The few Executioners I've read have been as advertised:
solid, competant commercial adventure fiction. Nothing to get
excited about perhaps, but may be worth reading before
donating to the thrift store. Unfortunately, few of the other
series I've sampled live up to Pendleton's high standards.
Try reading the Butcher (Avallone's contirbution to the form,
I believe) and marvel at characters which aren't even two
dimensional. And this is far from the worst; I am keenly
anticipating reading The Hitman, reputed to be as bad as it
got.
Luckily, the '70s action sub-genre has more to offer for fans
of non-alternative mystery fiction than the Executioner.
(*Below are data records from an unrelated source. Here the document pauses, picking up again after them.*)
(* Let $A,B$ be real symmetric $4\times 4$ matrices defining quadrics $\mathcal A: X^TAX=0$, $\mathcal B: X^TBX=0$ in $\mathbb{PR}^3$ with $f(\lambda)=\det(\lambda A-B)$ not identically zero. If $f(\lambda)=0$ has one quadruple root with Segre characteristic $[4]$, then the index sequence is $\langle 2\,{\wr\wr\wr\wr}_{-}\,2\rangle$ or its equivalent form $\langle 2\,{\wr\wr\wr\wr}_{+}\,2\rangle$, and in this case the QSIC comprises a real line and a real space cubic curve tangent to each other at a real point.
   Context: $X=(x,y,z,w)^T$ homogeneous coordinates; QSIC $=\mathcal A\cap\mathcal B$. One may take $A$ nonsingular. Canonical form: for $A$ nonsingular there is a real invertible $Q$ with $Q^TAQ=\mathrm{diag}(\varepsilon_1E_1,\dots)$, $Q^TBQ=\mathrm{diag}(\varepsilon_1E_1J_1,\dots)$, $J_i$ the real Jordan blocks of $A^{-1}B$, $E_i$ anti-identity matrices of matching sizes, and for blocks of real eigenvalues $\varepsilon_i\in\{\pm1\}$ uniquely determined (the sign of $J_i$). Segre characteristic $[4]$: a single eigenvalue with a single $4\times4$ Jordan block. $\mathrm{Id}(\lambda)$ = number of positive eigenvalues of $\lambda A-B$. Index sequence $\langle s_0\sigma_1s_1\rangle$ for one real root: $s_0,s_1$ are the values of $\mathrm{Id}$ before and after the root and $\sigma_1$ is four copies of $\wr$ with subscript the sign of the block. Equivalence of sequences is induced by change of basis of the pencil (including $(A,B)\mapsto(-A,-B)$, which sends $s\mapsto 4-s$ and reverses signs). *)

From HB Require Import structures.
From mathcomp Require Import all_boot all_order all_algebra.
From mathcomp Require Import reals.
From mathcomp Require Import polyorder polyrcf complex.
Set Implicit Arguments. Unset Strict Implicit. Unset Printing Implicit Defensive.
Import Order.TTheory GRing.Theory Num.Theory.
Local Open Scope ring_scope.
(* Let $\mathcal{H}_A$ be a complex Hilbert space of finite dimension $d_A\ge 2$. Then the inequality $$N_{A:CB}\le N_{AC:B}+N_{AB:C}$$ holds for every pure state $|\psi\rangle\langle\psi|$ on $\mathcal{H}_A\otimes\mathcal{H}_B\otimes\mathcal{H}_C$, for all finite-dimensional complex Hilbert spaces $\mathcal{H}_B,\mathcal{H}_C$, if and only if $d_A=2$ (i.e. subsystem $A$ is a qubit).
   Context: For a bipartite state $\rho_{XY}$ on $\mathcal{H}_X\otimes\mathcal{H}_Y$, the negativity is $N_{X:Y}=\frac{\|\rho_{XY}^{T_X}\|_1-1}{2}$, where $\rho_{XY}^{T_X}$ is the partial transpose with respect to subsystem $X$ and $\|\sigma\|_1=\mathrm{Tr}\sqrt{\sigma^\dagger\sigma}$ is the trace norm. For a tripartite state, $N_{A:CB}$, $N_{AC:B}$, $N_{AB:C}$ denote the negativities of the state with respect to the bipartitions $A|BC$, $AC|B$ and $AB|C$ respectively. *)

From HB Require Import structures.
From mathcomp Require Import all_boot all_order all_algebra.
From mathcomp Require Import complex mxtens reals.
From Stdlib Require Import ClassicalEpsilon.
Set Implicit Arguments. Unset Strict Implicit. Unset Printing Implicit Defensive.
Import Order.TTheory GRing.Theory Num.Theory.
Local Open Scope ring_scope.

Definition adjmx (C : numClosedFieldType) m n (A : 'M[C]_(m, n)) : 'M[C]_(n, m) :=
  \matrix_(i, j) (A j i)^*.

(* positive semidefinite: <x, P x> >= 0 for every x (over C this forces hermitian) *)
Definition psdmx (C : numClosedFieldType) n (P : 'M[C]_n) : Prop :=
  forall x : 'cV[C]_n, 0 <= (adjmx x *m P *m x) 0 0.

(* the (positive semidefinite) square root of a matrix: some PSD P with P*P = M
   (unique when M is PSD, which is the only case used) *)
Definition mxsqrt (C : numClosedFieldType) n (M : 'M[C]_n) : 'M[C]_n :=
  epsilon (inhabits 0) (fun P : 'M[C]_n => psdmx P /\ P *m P = M).

Definition trace_norm (C : numClosedFieldType) n (S : 'M[C]_n) : C :=
  \tr (mxsqrt (adjmx S *m S)).

(* partial transpose w.r.t. the first factor X of H_X (x) H_Y = C^(m*n),
   with the standard Kronecker index (i,j) |-> i*n + j:
   (rho^{T_X})_{(i,j),(i',j')} = rho_{(i',j),(i,j')} *)
Definition ptransposeX (C : numClosedFieldType) m n (rho : 'M[C]_(m * n)) : 'M[C]_(m * n) :=
  \matrix_(u, v)
    rho (mxtens_index ((mxtens_unindex v).1, (mxtens_unindex u).2))
        (mxtens_index ((mxtens_unindex u).1, (mxtens_unindex v).2)).
Lemma void_event_cover (T : Type) (Phi : T -> set point) (A : set point) r :
  [set w | Defs.cover (Phi w) r `&` A = set0] = void_event Phi (thick A r).
Proof.
apply/seteqP; split => w; rewrite /void_event /=.
  by move/cover_disjoint_thick/npoints_eq0.
by move/npoints_eq0/cover_disjoint_thick.
Qed.

Lemma void_eventS (T : Type) (Phi : T -> set point) (A B : set point) :
  A `<=` B -> void_event Phi B `<=` void_event Phi A.
Proof.
move=> AB w /npoints_eq0 XB0; apply/npoints_eq0; apply/seteqP; split => // y [Xy Ay].
have : (Phi w `&` B) y by split => //; exact: AB.
by rewrite XB0.
Qed.

Lemma borel_eball (x : point) r : borel_Rd (eball x r).
Proof.
apply: borel_sublevel.
apply: (continuous_sqrt_sum_coord (F := fun i t => (x ord0 i - t) ^+ 2)) => i t.
have sub_x : {for t, continuous (fun s : R => x ord0 i - s)}.
  by apply: (@continuousB _ _ _ (fun=> x ord0 i) id) => //; exact: cst_continuous.
exact: (continuous_comp sub_x (@exprn_continuous R 2 _)).
Qed.

End void_probabilities.

Section void_probability_continuity.
Context {R : realType} {d : nat} (d0 : measure_display) (Omega : measurableType d0).
Variables (Pr : probability Omega R) (Phi : Omega -> set (@Rpt R d)).
Hypothesis Phi_spp : simple_point_process Phi.

Lemma measurable_void_event B : borel_Rd B -> ebounded B -> measurable (void_event Phi B).
Proof.
move=> Bb Bbd; rewrite -[void_event _ _]setTI.
exact: Phi_spp.2 B Bb Bbd measurableT [set 0%E] (emeasurable_set1 0%E).
Qed.

Lemma void_event_bigcap B :
  \bigcap_m void_event Phi (B `&` eball 0 m%:R) = void_event Phi B.
Proof.
apply/seteqP; split => w /=; last by move=> XB0 m _; apply: void_eventS XB0 => y [].
move=> XBm0; apply/npoints_eq0; apply/seteqP; split => // y [Xy By].
set m := (Num.truncn (Defs.edist 0 y)).+1.
have /npoints_eq0 XBm0' := XBm0 m I.
have : (Phi w `&` (B `&` eball 0 m%:R)) y.
  by split => //; split => //; apply/ltW/truncnS_gt.
by rewrite XBm0'.
Qed.

Lemma void_prob_cvg B : borel_Rd B ->
  Pr (void_event Phi (B `&` eball 0 m%:R)) @[m --> \oo] --> Pr (void_event Phi B).
Proof.
move=> Bb; have mB m : measurable (void_event Phi (B `&` eball 0 m%:R)).
  by apply: measurable_void_event; [exact: borel_setI (borel_eball _ _) | exists m%:R => x []].
rewrite -void_event_bigcap; apply: nonincreasing_cvg_mu => //.
- by rewrite (le_lt_trans (probability_le1 Pr (mB 0%N))) ?ltey.
- exact: bigcapT_measurable.
move=> m n mn; rewrite subsetEset; apply: void_eventS => y [By ym].
by split => //; apply: le_trans ym _; rewrite ler_nat.
Qed.

End void_probability_continuity.

Lemma void_prob_le_borel (R : realType) (d : nat)
    (d1 : measure_display) (Omega1 : measurableType d1) (P1 : probability Omega1 R)
    (d2 : measure_display) (Omega2 : measurableType d2) (P2 : probability Omega2 R)
    (Phi1 : Omega1 -> set (@Rpt R d)) (Phi2 : Omega2 -> set (@Rpt R d)) :
  simple_point_process Phi1 -> simple_point_process Phi2 ->
  (forall B, borel_Rd B -> ebounded B -> (P1 (void_event Phi1 B) <= P2 (void_event Phi2 B))%E) ->
  forall B, borel_Rd B -> (P1 (void_event Phi1 B) <= P2 (void_event Phi2 B))%E.
Proof.
move=> spp1 spp2 void_le B Bb.
apply: (lee_cvg_to (void_prob_cvg (Pr := P1) spp1 Bb) (void_prob_cvg (Pr := P2) spp2 Bb)).
apply: nearW => m; apply: void_le; first exact: borel_setI (borel_eball _ _).
by exists m%:R => x [].
Qed.

Lemma rc_bar_le (R : realType) (d : nat)
    (d1 : measure_display) (Omega1 : measurableType d1) (P1 : probability Omega1 R)
    (d2 : measure_display) (Omega2 : measurableType d2) (P2 : probability Omega2 R)
    (Phi1 : Omega1 -> set (@Rpt R d)) (Phi2 : Omega2 -> set (@Rpt R d)) :
  (forall r n g, 0 < r -> (1 <= n)%N ->
    (P1 [set w | Defs.cover (Phi1 w) r `&` Qgamma n g = set0] <=
     P2 [set w | Defs.cover (Phi2 w) r `&` Qgamma n g = set0])%E) ->
  (rc_bar P1 Phi1 <= rc_bar P2 Phi2)%E.
Proof.
move=> vacant_le; apply: ereal_inf_le_tmp => _ [r [r0 sum_fin] <-].
exists r => //; split => // n n1; apply: le_lt_trans (sum_fin n n1).
by apply: le_esum => g _; exact: vacant_le.
Qed.

Theorem corollary6p2 (R : realType) (d : nat)
  (d1 : measure_display) (Omega1 : measurableType d1) (P1 : probability Omega1 R)
  (d2 : measure_display) (Omega2 : measurableType d2) (P2 : probability Omega2 R)
  (Phi1 : Omega1 -> set (@Rpt R d)) (Phi2 : Omega2 -> set (@Rpt R d)) :
  simple_point_process Phi1 -> simple_point_process Phi2 ->
  (forall B : set (@Rpt R d), borel_Rd B -> ebounded B ->
     (P1 [set w | npoints (Phi1 w) B = 0%E] <= P2 [set w | npoints (Phi2 w) B = 0%E])%E) ->
  (rc_bar P1 Phi1 <= rc_bar P2 Phi2)%E.
Proof.
move=> spp1 spp2 void_le; apply: rc_bar_le => r n g _ n1.
rewrite !void_event_cover; apply: void_prob_le_borel => //.
exact: borel_thick_Qgamma.
Qed.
Jonathan Messman's The Revenger was a well-done, if brief
series faithful to the Executioner mold that may have
surpassed the original. As Bill mentioned elsewhere, Mike
Barry's (aka Barry Malzberg's) Lone Wolf series is pretty
berserk; the writing may be crude, but are the books! Sadly,
Ralph Dennis's Hardman series was packaged as a men's action
series, numbers and all. It's actually a series of pretty
good '70s hardboiled detective novels distressingly short on
the wholesale slaughts fans of real action fiction expect
every chapter.
But my favorite (and pretty much everyone else I've ever
talked to) is Sapir and Murphy's Destroyer series. I think it
says something about a sub-genre when the best books are
satires of the sub-genre. The Destroyer himself is
refreshingly free of Messiahanic impulses, his mentor acts
like a Jewish grandmother, and his adventures are loaded with
satire. Goodthing there was no shortage of bad guys getting
disemboweled otherwise they would have never sold. And while
the satire may be heavy handed, it's also quite funny and
frequently pointed (check out Bay City Blast and its ersatz
Executioner,
"The Eraser"). The NY Times wasn't off-base when they lauded
the series for winnining fans "among the literate."
--Scott
The best series is The Destroyer
>From: "Graham Powell" <
bleekerbooks@hotmail.com>
>
>Back a few years ago, when I was younger and less
"mature" in my tastes, I
>used to read the series THE EXECUTIONER religiously.
Anybody have any
>thoughts about this series? I haven't read it in a
long time, but I
>understand Dennis Lynds did a couple of books (or his
wife? or
>collaborating?). I would place this series as an
outgrowth of the
>paperback
>originals and "men's adventure" series, and in a way
a descendant of the
>Matt Helm books, although they started only 10 or 12
years later. Anybody
>else have any thoughts about these books?
>
>Graham
>------------
>http://www.BleekerBooks.com
>Hardboiled and Noir
_________________________________________________________________
Get your FREE download of MSN Explorer at http://explorer.msn.com/intl.asp.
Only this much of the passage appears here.